En février, Hugo Torres Jiménez, membre influent de l’opposition arrêté en 2021, est mort en détention. La haute-commissaire des Nations unies aux droits de l’homme s’est dite préoccupée par cette affaire et par l’état de santé d’autres personnes qui étaient ou avaient été détenues dans le complexe policier Evaristo Vásquez, à Managua.

Procès inéquitables

Les autorités chargées des enquêtes et des poursuites enfreignaient constamment les garanties en matière d’équité des procès.

En février, le parquet général a annoncé l’ouverture des procès de personnes arrêtées en raison de leur dissidence ou parce qu’elles avaient critiqué le gouvernement. Les autorités n’ont pas respecté les droits de celles-ci à rencontrer leurs avocat·e·s dans des conditions leur permettant de disposer du temps et de la confidentialité nécessaires pour préparer leur défense. Les avocat·e·s n’ont pas eu la possibilité d’examiner les dossiers judiciaires en amont des audiences.

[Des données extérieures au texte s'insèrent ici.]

Lemma windmill_count0 Pi Bi Pj Bj : Pi < n ->
  wc 0 Pi Bi Pj Bj = (Pi == Pj) && ((Pj == 0) || (Bi == Bj)).
Proof.
move=> lt_Pin; rewrite /windmill_count addn0 modn_small // leqn0 sub0n div0n.
by case: (Pi == Pj); case: (Pj == 0).
Qed.

Lemma windmill_countS_inner t a Bi Pj Bj : 0 < a < n.-1 -> Pj < n ->
  wc t a.+1 Bi Pj Bj = wc t.+1 a Bi Pj Bj.
Proof.
move=> a_in lt_Pjn; rewrite /windmill_count addSnnS.
case: eqP => // e_mod.
have ne_mod : t.+1 %% n != Pj.
  apply/eqP => e2; move: e_mod; rewrite -modnDmr e2 -(modn_small lt_Pjn).
  rewrite modnDmr -[Pj in RHS]add0n => /eqP; rewrite eqn_modDr mod0n modn_small; lia.
case: (leqP Pj t) => [le_Pjt | lt_tPj].
  by rewrite leqW // divn_subS // (negbTE ne_mod).
have lt_t1Pj : t.+1 < Pj.
  move: ne_mod; case: (ltngtP t.+1 Pj) => [// | ? | e_t1]; first lia.
  by rewrite e_t1 modn_small ?eqxx.
by rewrite leqNgt lt_t1Pj.
Qed.

Lemma windmill_countS_last t B0 B Pj Bj : Pj < n ->
  wc t 0 B0 Pj Bj = wc t.+1 n.-1 B Pj Bj.
Proof.
move=> lt_Pjn; rewrite /windmill_count add0n -addSnnS prednK ?modnDl; last lia.
case: eqP => // e_mod; have le_Pjt : Pj <= t by rewrite -e_mod leq_mod.
rewrite le_Pjt leqW // divn_subS // -e_mod.
suff ne_mod : t.+1 %% n != t %% n by rewrite (negbTE ne_mod).
by rewrite -addn1 -{2}[t]addn0 eqn_modDl modn_small ?mod0n.
Qed.

Lemma windmill_countS_center t B0 Pj Bj : Pj < n -> (0 < Pj -> Bj < m) ->
  \sum_(k < m) wc t 1 k Pj Bj = wc t.+1 0 B0 Pj Bj.
Proof.
move=> lt_Pjn lt_Bjm; rewrite /windmill_count add1n add0n.
case: eqP => [e_mod | _]; last by rewrite big1.
have le_Pjt1 : Pj <= t.+1 by rewrite -e_mod leq_mod.
case: (leqP Pj t) => [le_Pjt | lt_tPj].
  by rewrite le_Pjt1 sum_nat_const card_ord divn_subS // e_mod eqxx -expnS.
have lt_Bjm' : Bj < m by apply: lt_Bjm; lia.
have -> : Pj = t.+1 by lia.
rewrite leqnn subnn div0n expn0 (bigD1 (Ordinal lt_Bjm')) //= eqxx big1 // => k.
by rewrite -val_eqE /= => /negbTE->.
Qed.

Lemma windmill_count_period q t Pi Bi Pj Bj : Pj < n -> Pj <= t ->
  wc (q * n + t) Pi Bi Pj Bj = m ^ q * wc t Pi Bi Pj Bj.
Proof.
move=> lt_Pjn le_Pjt; rewrite /windmill_count addnCA modnMDl.
case: eqP => _; last by rewrite muln0.
rewrite le_Pjt (leq_trans le_Pjt) ?leq_addl // -addnBA // divnMDl; last lia.
by rewrite expnD.
Qed.

End WindmillCount.

Section Windmill.

Variables m n : nat.
Hypothesis n_gt1 : 1 < n.

(* Vertex i (0 < i < n) of blade k (k < m, numbered from 0); the centre 1 has
   position 0, and its blade number [dw_blade 1] is junk on which nothing depends. *)
Definition blade_vertex k i := k * n.-1 + i.+1.

Definition dw_pos v := if v == 1 then 0 else ((v - 2) %% n.-1).+1.

Definition dw_blade v := (v - 2) %/ n.-1.

Lemma blade_vertex_neq1 k i : 0 < i -> (blade_vertex k i == 1) = false.
Proof. by move=> i_gt0; apply/eqP; rewrite /blade_vertex; nia. Qed.

Lemma dw_pos1 : dw_pos 1 = 0.
Proof. by rewrite /dw_pos eqxx. Qed.

Lemma blade_vertexK k i : 0 < i < n ->
  dw_pos (blade_vertex k i) = i /\ dw_blade (blade_vertex k i) = k.
Proof.
move=> /andP[i_gt0 lt_in].
have e_v : blade_vertex k i - 2 = k * n.-1 + i.-1 by rewrite /blade_vertex; nia.
rewrite /dw_pos /dw_blade blade_vertex_neq1 // e_v modnMDl divnMDl; last lia.
rewrite modn_small ?divn_small; lia.
Qed.

Lemma dw_pos_blade_vertex k i : 0 < i < n -> dw_pos (blade_vertex k i) = i.
Proof. by case/(blade_vertexK k). Qed.

Lemma dw_blade_blade_vertex k i : 0 < i < n -> dw_blade (blade_vertex k i) = k.
Proof. by case/(blade_vertexK k). Qed.

Lemma dw_vertex1 : dw_vertex m n 1.
Proof. by rewrite /dw_vertex /dw_nv leq_addl. Qed.

Lemma dw_vertex_blade_vertex k i : k < m -> 0 < i < n -> dw_vertex m n (blade_vertex k i).
Proof. by rewrite /dw_vertex /dw_nv /blade_vertex; nia. Qed.

Variant dw_vertex_spec : nat -> Prop :=
  | DwCenter : dw_vertex_spec 1
  | DwBlade k i of k < m & 0 < i < n : dw_vertex_spec (blade_vertex k i).

Lemma dw_vertexP v : dw_vertex m n v -> dw_vertex_spec v.
Proof.
rewrite /dw_vertex /dw_nv => /andP[v_gt0 le_v].
case: (ltngtP v 1) => [|lt_1v|->]; [lia | | exact: DwCenter].
have n1_gt0 : 0 < n.-1 by lia.
have := divn_eq (v - 2) n.-1; have := ltn_pmod (v - 2) n1_gt0.
set q := (v - 2) %/ n.-1; set r := (v - 2) %% n.-1 => lt_r e_v.
have -> : v = blade_vertex q r.+1 by rewrite /blade_vertex; lia.
apply: DwBlade; last lia.
by rewrite /q ltn_divLR //; nia.
Qed.

Lemma dw_edgeP a b : reflect
  (exists2 k, k < m &
     [\/ a = 1 /\ b = blade_vertex k 1,
         exists2 i, 0 < i < n.-1 & a = blade_vertex k i /\ b = blade_vertex k i.+1
       | a = blade_vertex k n.-1 /\ b = 1])
  (dw_edge m n a b).
Proof.
rewrite /dw_edge /blade_vertex; apply: (iffP hasP) => [[k] | [k lt_km]].
  rewrite mem_iota !subn1 => k_in edge_k; exists k.-1; first lia.
  case/or3P: edge_k => [/andP[/eqP-> /eqP->] | /hasP[i] | /andP[/eqP-> /eqP->]].
  - by apply: Or31.
  - rewrite mem_iota => i_in /andP[/eqP-> /eqP->]; apply: Or32; exists i.-1; lia.
  - apply: Or33; lia.
rewrite !subn1 => edge_k; exists k.+1; first by rewrite mem_iota; lia.
rewrite subn1 /=.
case: edge_k => [[-> ->] | [i i_in [-> ->]] | [-> ->]]; apply/or3P.
- by apply: Or31; rewrite !eqxx.
- apply: Or32; apply/hasP; exists i.+1; first by rewrite mem_iota; lia.
  by rewrite addn1 !addnS !eqxx.
- by apply: Or33; rewrite prednK ?eqxx //; lia.
Qed.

Au moins 50 personnes arrêtées dans le cadre des troubles politiques qui ont débuté en 2018 ont été jugées au cours de l’année. Un grand nombre d’entre elles ont été déclarées coupables et condamnées à des peines allant jusqu’à 13 ans d’emprisonnement pour des infractions en lien avec la politique et la corruption. Certaines affaires ont été jugées dans un pénitencier et non dans un tribunal normal. Les observateurs et observatrices continuaient d’être interdits d’accès aux audiences, qui se tenaient à huis clos.

Droits des peuples autochtones

Les populations autochtones et d’ascendance africaine ont continué de se heurter à la discrimination et à des obstacles les empêchant d’exercer leurs droits.

En février, la CIDH a accordé une prolongation des mesures conservatoires visant à protéger la vie et l’intégrité des membres des communautés mayangnas de Musawas, Wilú et Suniwas. Les difficultés persistantes auxquelles ces personnes étaient confrontées pour régulariser les titres de propriété de leur territoire les plaçaient dans une situation précaire.

En avril, au moins 25 familles miskitos qui vivaient dans le hameau de Sang Sang, dans la Région autonome de la Côte caraïbe Nord, ont été soumises à un déplacement forcé en raison de menaces exercées par des individus armés dans un contexte de spoliation de terres.

En août, le Comité pour l’élimination de la discrimination raciale [ONU] s’est dit préoccupé par les violences visant des communautés autochtones et d’ascendance africaine, et a demandé aux autorités de protéger les droits de ces personnes.